CODEWITHSUNDEEP
c++operator-overloading
donald
donald

Reputation: 489

Calling an overloaded operator from a pointer

I have a simple C++ test class, that has a char * operator() working fine. The thing is, when I'm creating it on the heap, I can't use it.

test t;
printf(t);

is ok, but

test *t=new test();
printf(t);

isn't. Is there any way around it beside printf(*t)?

Upvotes: 2

Views: 416

Answers (4)

leemes
leemes

Reputation: 45675

Given that you really need to convert a pointer (which has to be correctly initialized, by the way...) to a char*, this isn't possible.

You can only implement operators for values (or references) of your class within the class. Some operators can be defined outside of the class, but casting operators aren't (for example, operator+ can be implemented outside, taking two parameters).

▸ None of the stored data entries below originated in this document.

(* There exist universal constants $C,C'>0$ such that the following holds. For every $m>0$, every $\alpha,\beta\in(0,1/3)$, every $\epsilon\in(0,1)$ and every odd $n\in\mathbb{N}$ with $n\epsilon\ge C\ln(1/(\alpha\beta))$, and every $D\in\mathcal{CTM}$, with probability at least $1-\beta$, $$p_\alpha(D,\mathtt{DPExpMed}_\alpha(D))\le \frac{C'}{\epsilon}\max\left[1,\ln\frac{1}{\alpha\beta n\epsilon}\right].$$
   Context: $V=[-m/2,m/2]$. A dataset is $D=(x_1,\dots,x_n)\in V^n$, indexed so that $x_1\le\dots\le x_n$, with median $\mathcal{T}(D)=x_{\lceil n/2\rceil}$. $\mathcal{CTM}$ is the set of datasets with $|x_{i+1}-x_i|\ge|x_{j+1}-x_j|$ for all $1\le i<j\le\lceil n/2\rceil-1$ and $|x_i-x_{i-1}|\ge|x_j-x_{j-1}|$ for all $\lceil n/2\rceil+1\le j<i\le n$. The percentile loss $q(D,a)$ for $a\in V$ is: $\min\{|\lceil n/2\rceil-i|: a\in[x_i,\mathcal{T}(D)]\}$ if $a\in[x_1,\mathcal{T}(D)]$; $\min\{|\lceil n/2\rceil-i|: a\in[\mathcal{T}(D),x_i]\}$ if $a\in(\mathcal{T}(D),x_n]$; $\lceil n/2\rceil$ otherwise. The widened loss is $p_\alpha(D,\ell)=\min_{a\in V:|a-\ell|\le\alpha m}q(D,a)$. $\mathtt{DPExpMed}_\alpha(D)$ is the random point of $V$ with density proportional to $\exp(-\frac{\epsilon}{2}p_\alpha(D,\ell))$. *)

From HB Require Import structures.
From mathcomp Require Import all_boot all_order all_algebra.
From mathcomp Require Import all_classical all_reals all_analysis.
From mathcomp Require Import Rstruct.
Set Implicit Arguments. Unset Strict Implicit. Unset Printing Implicit Defensive.
Import Order.TTheory GRing.Theory Num.Theory.
Local Open Scope ring_scope.
Local Open Scope classical_set_scope.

Given the fact that arithmetic operators can be implemented outside of classes (operator<< is an arithmetic operator), you can implement a stream operator for output to, for example, std::cout, even with pointers.

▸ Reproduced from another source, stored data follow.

Definition isometric_action (G : zmodType) (n : nat) (act : G -> 'rV[R]_n -> 'rV[R]_n) : Prop :=
  [/\ (forall x, act 0 x = x),
      (forall g h x, act (g + h) x = act g (act h x)) &
      (forall g x y, euclid_dist (act g x) (act g y) = euclid_dist x y)].

(* X is Euclidean sub-p-toral: the p-torus (Z_p)^alpha, alpha >= 1, realised
   concretely as {ffun 'I_alpha -> 'Z_p} (used only for prime p) *)
Definition euclidean_sub_p_toral (p k : nat) (X : set 'rV[R]_k) : Prop :=
  exists (n : nat) (alpha : nat)
         (act : {ffun 'I_alpha -> 'Z_p} -> 'rV[R]_n -> 'rV[R]_n),
    [/\ (k <= n)%N, (1 <= alpha)%N, isometric_action act &
        exists x0 : 'rV[R]_n, forall y, X y -> exists g, act g x0 = std_incl n y].

End Defs.

From HB Require Import structures.
From mathcomp Require Import all_boot all_order all_algebra.
From mathcomp Require Import all_classical all_reals all_analysis.
From mathcomp Require Import ring lra.
Import Order.TTheory GRing.Theory Num.Theory.
Set Implicit Arguments. Unset Strict Implicit. Unset Printing Implicit Defensive.
Local Open Scope ring_scope.
Local Open Scope classical_set_scope.

(* The group (Z_p)^2 acts isometrically on R^(k+2) by rotating two orthogonal
   planes span(X, Y) and span(Z, W) through multiples of theta = 2 pi / p
   about a centre z.  The orbit of z + x X + y Z contains its images under
   (1, 1) and (-1, 1), which differ from it by P + Q and P - Q, where
   Q = x sin(theta) Y and P = x (cos theta - 1) X + y (cos theta - 1) Z
   + y sin(theta) W.  For an isosceles triangle with legs u = b - a and
   v = c - a it thus suffices to write (u + v) / 2 and (u - v) / 2 in this
   form, using two spare dimensions.  The second determines x; the first then
   leaves room for y exactly when |P|^2 >= (1 - cos theta)^2 x^2, which unwinds
   to cos theta >= - cos alpha, i.e. theta <= pi - alpha: true for p large. *)

Section DotProduct.
Variables (R : realType) (n : nat).
Implicit Types x y z : 'rV[R]_n.

Lemma dotpC x y : dotp x y = dotp y x.
Proof. by apply: eq_bigr => i _; rewrite mulrC. Qed.

Lemma dotpDl x y z : dotp (x + y) z = dotp x z + dotp y z.
Proof. by rewrite /dotp -big_split; apply: eq_bigr => i _; rewrite mxE mulrDl. Qed.

Lemma dotpZl a x y : dotp (a *: x) y = a * dotp x y.
Proof. by rewrite /dotp mulr_sumr; apply: eq_bigr => i _; rewrite mxE mulrA. Qed.

Lemma dotpNl x y : dotp (- x) y = - dotp x y.
Proof. by rewrite -scaleN1r dotpZl mulN1r. Qed.

Lemma dotpBl x y z : dotp (x - y) z = dotp x z - dotp y z.
Proof. by rewrite dotpDl dotpNl. Qed.

Lemma dotpDr x y z : dotp x (y + z) = dotp x y + dotp x z.
Proof. by rewrite !(dotpC x) dotpDl. Qed.

Lemma dotpZr a x y : dotp x (a *: y) = a * dotp x y.
Proof. by rewrite !(dotpC x) dotpZl. Qed.

Lemma dotpNr x y : dotp x (- y) = - dotp x y.
Proof. by rewrite !(dotpC x) dotpNl. Qed.

Lemma dotpBr x y z : dotp x (y - z) = dotp x y - dotp x z.
Proof. by rewrite dotpDr dotpNr. Qed.

Lemma dotpxx_ge0 x : 0 <= dotp x x.
Proof. by apply: sumr_ge0 => i _; rewrite -expr2 sqr_ge0. Qed.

std::ostream & operator <<(std::ostream & o, const test & t) {
    return o << t.toString();  // use std::string here, not c-strings!
}
std::ostream & operator <<(std::ostream & o, const test * t) {
    return o << t->toString(); // use std::string here, not c-strings!
}

See live: http://ideone.com/BZfcji

Upvotes: 1

rmhartog
rmhartog

Reputation: 2323

You can store your heap object as a reference, instead of as a pointer.

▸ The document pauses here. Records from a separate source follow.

Theorem theorem3 :
  exists C : R, Rlt (IZR 0) C /\
    forall n m : nat, 3 <= n -> n - 1 <= m -> 4 * m <= (n - 1) ^ 2 ->
      exists t : nat,
        Rle (INR t)
            (Rplus (Rplus (INR n) (Rmult (IZR 2) (INR m)))
                   (Rmult C (sqrt (Rplus (Rminus (INR m) (INR n)) (IZR 1))))) /\
        online_ramsey_le C_odd (Con n m) t.
Proof.
exists R1; split=> [|n m le3n le_nm le_m4]; first lra.
exists (n + 2 * m); split.
  rewrite -[n + 2 * m]/(Nat.add n (Nat.mul 2 m)) plus_INR mult_INR.
  by rewrite (_ : INR 2 = IZR 2) //; have := sqrt_pos (INR m - INR n + 1); lra.
have -> : n = n.-1.+1 by lia.
apply: (@builder_wins_mono _ _ (3 * n.-1 + (m - n.-1) - 0)); first lia.
apply: (@builder_wins_root_star n.-1 (m - n.-1) m _ _ _ 0 [::] [::] [::]) => //.
all: move: le_m4; rewrite -!mulnn subn1 /=; lia.
Qed.
(* Fibonacci: fib n = F_n for n >= 1 (F_1 = 1, F_2 = 2); fib 0 = 1 is a dummy
   value consistent with the recurrence. *)
Fixpoint fib (n : nat) : nat :=
  match n with
  | O => 1%nat
  | S m => match m with
           | O => 1%nat
           | S k => (fib m + fib k)%nat
           end
  end.

Definition phi : R := (1 + sqrt 5) / 2.
Definition omega : R := / phi.

Fixpoint nocons (e : list bool) : bool :=
  match e with
  | b1 :: ((b2 :: _) as t) => negb (b1 && b2) && nocons t
  | _ => true
  end.

(* value of (eps(1),...,eps(M)) : sum_k eps(k) F_{M-k+1} *)
Fixpoint zval (e : list bool) : nat :=
  match e with
  | nil => 0%nat
  | b :: t => ((if b then fib (S (length t)) else 0) + zval t)%nat
  end.

Definition is_zeck (m : nat) (e : list bool) : Prop :=
  hd false e = true /\ nocons e = true /\ zval e = m.

Definition LB (s m : nat) (b : list bool) : Prop :=
  exists e, is_zeck m e /\ (s <= length e)%nat /\ firstn s e = b.

Definition leading_block (s : nat) (b : list bool) : Prop :=
  length b = s /\ hd false b = true /\ nocons b = true.

Fixpoint lex_le (a b : list bool) : bool :=
  match a, b with
  | nil, nil => true
  | x :: a', y :: b' =>
      match x, y with
      | false, true => true
      | true, false => false
      | _, _ => lex_le a' b'
      end
  | _, _ => false
  end.

(* ---- the space F* (sequences mu indexed from 0: mu i = mu(i+1) in the paper) ---- *)
Definition Fstar (mu : nat -> bool) : Prop :=
  (forall i, ~ (mu i = true /\ mu (S i) = true)) /\
  ~ (exists N, forall j, mu (N + 2 * j)%nat = true /\ mu (N + 2 * j + 1)%nat = false).

Definition restr (mu : nat -> bool) (s : nat) : list bool := map mu (seq 0 s).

test *my_heap_object = new test();
test &t = *my_heap_object;
// now you can use 't', as if it was local,
// instead of dereferencing the pointer each time.
printf(t);
t.do_something();
t++;

Some more explanation can be found on wikipedia.

Upvotes: 0

fredoverflow
fredoverflow

Reputation: 263138

An implicit conversion to char* may sound like a good idea, but trust me, it isn't. Guess why std::string doesn't have one. Just write a c_str method and call printf("%s", t->c_str()). Or even better, overload operator<< for your class. If you show us the class, we can help you.

Upvotes: 5

Tony The Lion
Tony The Lion

Reputation: 63200

You need to allocate memory to test *t before you can use it, else your pointer doesn't point to any memory.

You do it like so:

test * t= new test();

you'll also have to release it again when you're done:

delete t;

Also what of *t are you trying to print with printf? The address it points to, or some content of it's members? If the latter, you should overload an appropriate operator to do so.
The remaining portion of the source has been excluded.